Data items:
(* There exist a metric space $(\mathcal X,d)$, a set of candidate locations $\mathcal C\subseteq\mathcal X$ and a number of facilities $\ell$ such that for every $n$, every $k<n$ and every panel decision function $\widetilde q:\mathcal X^k\to\mathcal C^\ell$, there exist agent locations $x_1,\dots,x_n\in\mathcal X$ such that for every $\rho>1$, $$\mathbb E_{S\sim\mathcal U_{k,n}}\big[\textsc{Social-Cost}(\widetilde q(S))\big]>\rho\cdot\textsc{Social-Opt}.$$
   Context: For $y=(y_1,\dots,y_\ell)\in\mathcal C^\ell$, agent $i$'s cost is $\mathrm{Cost}_i(y)=\min_{j\in[\ell]}d(x_i,y_j)$; $\textsc{Social-Cost}(y)=\frac1n\sum_{i=1}^n\mathrm{Cost}_i(y)$ and $\textsc{Social-Opt}=\min_{y\in\mathcal C^\ell}\textsc{Social-Cost}(y)$. For a panel $S\subseteq[n]$ of size $k$, $\widetilde q(S)$ denotes $\widetilde q$ applied to $(x_i)_{i\in S}$. $\mathcal U_{k,n}$ is the uniform distribution over size-$k$ subsets of $[n]$. *)

From Stdlib Require Import Reals.
From mathcomp Require Import all_boot all_order all_algebra.
From mathcomp Require Import Rstruct.
Set Implicit Arguments. Unset Strict Implicit. Unset Printing Implicit Defensive.
Import Order.TTheory GRing.Theory Num.Theory.
Local Open Scope ring_scope.

Definition is_metric (X : Type) (d : X -> X -> R) : Prop :=
  (forall x y, 0 <= d x y) /\
  (forall x y, d x y = 0 <-> x = y) /\
  (forall x y, d x y = d y x) /\
  (forall x y z, d x z <= d x y + d y z).

(* A facility profile y = (y_1,...,y_l) with l = l'.+1 >= 1 facilities. *)
Definition cost (X : Type) (d : X -> X -> R) (l' : nat)
  (xi : X) (y : 'I_l'.+1 -> X) : R :=
  \big[Num.min/d xi (y ord0)]_(j < l'.+1) d xi (y j).

Definition social_cost (X : Type) (d : X -> X -> R) (l' n : nat)
  (x : 'I_n -> X) (y : 'I_l'.+1 -> X) : R :=
  (\sum_(i < n) cost d (x i) y) / n%:R.

Definition in_cands (X : Type) (C : X -> Prop) (l' : nat) (y : 'I_l'.+1 -> X) : Prop :=
  forall j, C (y j).

Definition is_social_opt (X : Type) (d : X -> X -> R) (C : X -> Prop) (l' n : nat)
  (x : 'I_n -> X) (o : R) : Prop :=
  (exists y : 'I_l'.+1 -> X, in_cands C y /\ social_cost d x y = o) /\
  (forall y : 'I_l'.+1 -> X, in_cands C y -> o <= social_cost d x y).

(* The profile (x_i)_{i in S}, listed in increasing order of the index i,
   as a k-tuple; x0 is an irrelevant default (used only when #|S| <> k). *)
Definition panel (X : Type) (x0 : X) (n k : nat) (x : 'I_n -> X)
  (S : {set 'I_n}) : 'I_k -> X :=
  fun i => nth x0 [seq x j | j <- enum S] i.

Definition expected_panel_cost (X : Type) (d : X -> X -> R) (x0 : X) (l' n k : nat)
  (q : ('I_k -> X) -> ('I_l'.+1 -> X)) (x : 'I_n -> X) : R :=
  (\sum_(S : {set 'I_n} | #|S| == k) social_cost d x (q (panel x0 x S)))
  / #|[set S : {set 'I_n} | #|S| == k]|%:R.
Arguments is_social_opt {X} d C l' {n} x o.

From Stdlib Require Import Reals.
From mathcomp Require Import all_boot all_order all_algebra.
From mathcomp Require Import Rstruct.
From Stdlib Require Import FunctionalExtensionality.
Set Implicit Arguments.
Unset Strict Implicit.
Unset Printing Implicit Defensive.

Import Order.TTheory GRing.Theory Num.Theory.
Local Open Scope ring_scope.

(* Take the discrete metric on [nat], two facilities and all points as
   candidates.  Let [y] be the facilities the rule proposes when every panelist
   sits at [0], and let [b] be a point outside [y].  Put agent [k] at [b] and
   everybody else at [0].  The optimum [(0, b)] costs nothing, whereas the panel
   of the first [k] agents sees only zeros, proposes [y], and leaves agent [k]
   at positive distance; so the expected cost is positive and no ratio [rho]
   bounds it by [rho * 0]. *)

Definition discrete_metric (T : eqType) (a b : T) : R := (a != b)%:R.

Lemma discrete_metric_is_metric (T : eqType) : is_metric (@discrete_metric T).
Proof.
rewrite /discrete_metric; split; [|split; [|split]].
- by move=> a b; rewrite ler0n.
- move=> a b; split=> [|->]; last by rewrite eqxx.
  by case: eqVneq => // _ /eqP; rewrite oner_eq0.
- by move=> a b; rewrite eq_sym.
- move=> a b c; rewrite -natrD ler_nat.
  have [-> | _] := eqVneq a b; first by rewrite add0n.
  by rewrite add1n (leq_trans (leq_b1 _)).
Qed.

Section Costs.

Variables (X : Type) (d : X -> X -> R).
Hypothesis d_ge0 : forall a b, 0 <= d a b.

Lemma cost_ge0 l' (xi : X) (y : 'I_l'.+1 -> X) : 0 <= cost d xi y.
Proof. by apply: le_bigmin => [|j _]; apply: d_ge0. Qed.

Lemma cost_le l' (xi : X) (y : 'I_l'.+1 -> X) j : cost d xi y <= d xi (y j).
Proof. exact: bigmin_le. Qed.

Lemma social_cost_ge0 l' n (x : 'I_n -> X) (y : 'I_l'.+1 -> X) :
  0 <= social_cost d x y.
Proof.
by rewrite /social_cost RdivE divr_ge0 ?ler0n ?sumr_ge0 // => i _; apply: cost_ge0.
Qed.

Lemma social_cost_gt0 l' n (x : 'I_n -> X) (y : 'I_l'.+1 -> X) i :
  0 < cost d (x i) y -> 0 < social_cost d x y.
Proof.
move=> cost_i_gt0; rewrite /social_cost RdivE.
rewrite divr_gt0 ?ltr0n ?(leq_ltn_trans _ (ltn_ord i)) //.
rewrite (bigD1 i) //= ltr_wpDr // sumr_ge0 // => j _; exact: cost_ge0.
Qed.

Lemma social_cost_eq0 l' n (x : 'I_n -> X) (y : 'I_l'.+1 -> X) :
  (forall a, d a a = 0) -> (forall i, exists j, y j = x i) -> social_cost d x y = 0.
Proof.
move=> d_refl cover; rewrite /social_cost RdivE big1 ?mul0r // => i _.
have [j <-] := cover i.
by apply/eqP; rewrite eq_le cost_ge0 andbT -(d_refl (y j)) cost_le.
Qed.

Lemma expected_panel_cost_gt0 (x0 : X) l' n k
    (q : ('I_k -> X) -> ('I_l'.+1 -> X)) (x : 'I_n -> X) (S : {set 'I_n}) :
  #|S| = k -> 0 < social_cost d x (q (panel x0 x S)) ->
  0 < expected_panel_cost d x0 q x.
Proof.
move=> cardS panel_cost_gt0; rewrite /expected_panel_cost RdivE.
have S_sized : #|S| == k by rewrite cardS.
rewrite divr_gt0 // ?ltr0n ?card_gt0; last by apply/set0Pn; exists S; rewrite inE.
rewrite (bigD1 S) //= ltr_wpDr // sumr_ge0 // => T _; exact: social_cost_ge0.
Qed.

End Costs.

Lemma cost_gt0 (X : Type) (d : X -> X -> R) l' (xi : X) (y : 'I_l'.+1 -> X) :
  is_metric d -> (forall j, y j <> xi) -> 0 < cost d xi y.
Proof.
move=> [d_ge0 [d_eq0 _]] y_far; apply: lt_bigmin => [|j _].
all: by rewrite lt_def d_ge0 andbT; apply/eqP => /d_eq0 /esym; apply: y_far.
Qed.

Lemma panel_const (X : Type) (c : X) n k (x : 'I_n -> X) (S : {set 'I_n}) :
  {in S, forall i, x i = c} -> panel c x S = fun _ : 'I_k => c.
Proof.
move=> x_c; apply: functional_extensionality => i; rewrite /panel.
have -> : [seq x j | j <- enum S] = [seq c | _ <- enum S].
  by apply/eq_in_map => j; rewrite mem_enum; apply: x_c.
by elim: (enum S) (val i) => [|_ s IHs] [|m] //=.
Qed.

Lemma exists_fresh_nat l (y : 'I_l -> nat) : exists b, forall j, y j <> b.
Proof.
exists (\max_j y j).+1 => j /eqP; apply/negP.
by rewrite neq_ltn ltnS leq_bigmax.
Qed.

Lemma exists_prefix_set n k :
  (k <= n)%N -> exists2 S : {set 'I_n}, #|S| = k & {in S, forall i : 'I_n, (i < k)%N}.
Proof.
move=> le_kn; exists [set widen_ord le_kn i | i : 'I_k].
  by rewrite card_imset ?card_ord // => i j /(congr1 val) /= /val_inj.
by move=> _ /imsetP[i _ ->]; exact: (ltn_ord i).
Qed.

Theorem theorem4p15 :
  exists (X : Type) (d : X -> X -> R) (C : X -> Prop) (l' : nat) (c0 : X),
    is_metric d /\ C c0 /\
    forall (n k : nat), (k < n)%N ->
    forall q : ('I_k -> X) -> ('I_l'.+1 -> X),
      (forall p, in_cands C (q p)) ->
      exists x : 'I_n -> X,
        exists opt : R, is_social_opt d C l' x opt /\
        forall rho : R, 1 < rho ->
          expected_panel_cost d c0 q x > rho * opt.
Proof.
have d_metric := @discrete_metric_is_metric nat.
have d_ge0 := d_metric.1.
exists nat, (@discrete_metric nat), (fun _ => True), 1%N, 0%N.
split=> //; split=> // n k lt_kn q _.
have [S cardS S_lt_k] := exists_prefix_set (ltnW lt_kn).
have [b b_fresh] := exists_fresh_nat (q (fun _ => 0%N)).
pose agent_k : 'I_n := Ordinal lt_kn.
pose x (i : 'I_n) := if i == agent_k then b else 0%N.
exists x, 0; split.
  split=> [|y _]; last exact: social_cost_ge0.
  exists (fun j : 'I_2 => if j == ord0 then 0%N else b); split=> //.
  apply: social_cost_eq0 => // [a | i]; first by rewrite /discrete_metric eqxx.
  by rewrite /x; case: ifP; [exists ord_max | exists ord0].
move=> rho _; rewrite mulr0; apply: (expected_panel_cost_gt0 d_ge0 cardS).
have -> : panel 0%N x S = fun _ : 'I_k => 0%N.
  by apply: panel_const => i /S_lt_k lt_ik; rewrite /x -val_eqE /= ltn_eqF.
by apply: (social_cost_gt0 d_ge0 (i := agent_k)); apply: cost_gt0; rewrite /x ?eqxx.
Qed.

§ **Task prompt**: Scan the entries above for the word "eqxx" and collect each line holding it.

§ **Written answer**:
- move=> a b; split=> [|->]; last by rewrite eqxx.
  apply: social_cost_eq0 => // [a | i]; first by rewrite /discrete_metric eqxx.
by apply: (social_cost_gt0 d_ge0 (i := agent_k)); apply: cost_gt0; rewrite /x ?eqxx.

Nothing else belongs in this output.